The task — I need each line of the entries below that includes the string "From".

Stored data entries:

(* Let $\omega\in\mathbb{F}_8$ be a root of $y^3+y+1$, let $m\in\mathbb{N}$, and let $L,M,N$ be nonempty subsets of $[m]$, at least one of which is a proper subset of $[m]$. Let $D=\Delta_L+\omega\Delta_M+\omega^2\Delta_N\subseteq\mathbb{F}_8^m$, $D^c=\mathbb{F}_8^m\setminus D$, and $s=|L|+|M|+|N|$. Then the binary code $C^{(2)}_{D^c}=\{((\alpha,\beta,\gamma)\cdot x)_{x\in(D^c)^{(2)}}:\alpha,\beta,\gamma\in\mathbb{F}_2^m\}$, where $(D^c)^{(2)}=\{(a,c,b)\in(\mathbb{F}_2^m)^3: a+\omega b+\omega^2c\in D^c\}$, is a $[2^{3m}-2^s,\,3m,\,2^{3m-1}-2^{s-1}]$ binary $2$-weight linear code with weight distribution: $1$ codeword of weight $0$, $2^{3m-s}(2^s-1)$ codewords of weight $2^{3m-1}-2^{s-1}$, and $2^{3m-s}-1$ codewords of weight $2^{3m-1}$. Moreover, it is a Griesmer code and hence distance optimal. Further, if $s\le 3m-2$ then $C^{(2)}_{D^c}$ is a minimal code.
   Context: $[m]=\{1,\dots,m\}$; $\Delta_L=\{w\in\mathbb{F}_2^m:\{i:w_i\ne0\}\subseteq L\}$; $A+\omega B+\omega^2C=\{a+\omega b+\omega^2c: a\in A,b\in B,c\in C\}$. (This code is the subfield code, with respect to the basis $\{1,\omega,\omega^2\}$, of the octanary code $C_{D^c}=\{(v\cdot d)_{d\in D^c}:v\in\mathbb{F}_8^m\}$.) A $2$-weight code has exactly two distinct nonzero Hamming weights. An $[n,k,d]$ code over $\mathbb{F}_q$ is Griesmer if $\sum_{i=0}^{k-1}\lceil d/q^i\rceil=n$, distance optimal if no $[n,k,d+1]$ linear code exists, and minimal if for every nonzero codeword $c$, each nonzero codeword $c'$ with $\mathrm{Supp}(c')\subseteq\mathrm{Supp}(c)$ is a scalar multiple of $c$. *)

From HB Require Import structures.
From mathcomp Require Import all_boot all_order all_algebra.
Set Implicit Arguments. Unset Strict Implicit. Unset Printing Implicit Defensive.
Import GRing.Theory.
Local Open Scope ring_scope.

Response below —
From HB Require Import structures.
From mathcomp Require Import all_boot all_order all_algebra.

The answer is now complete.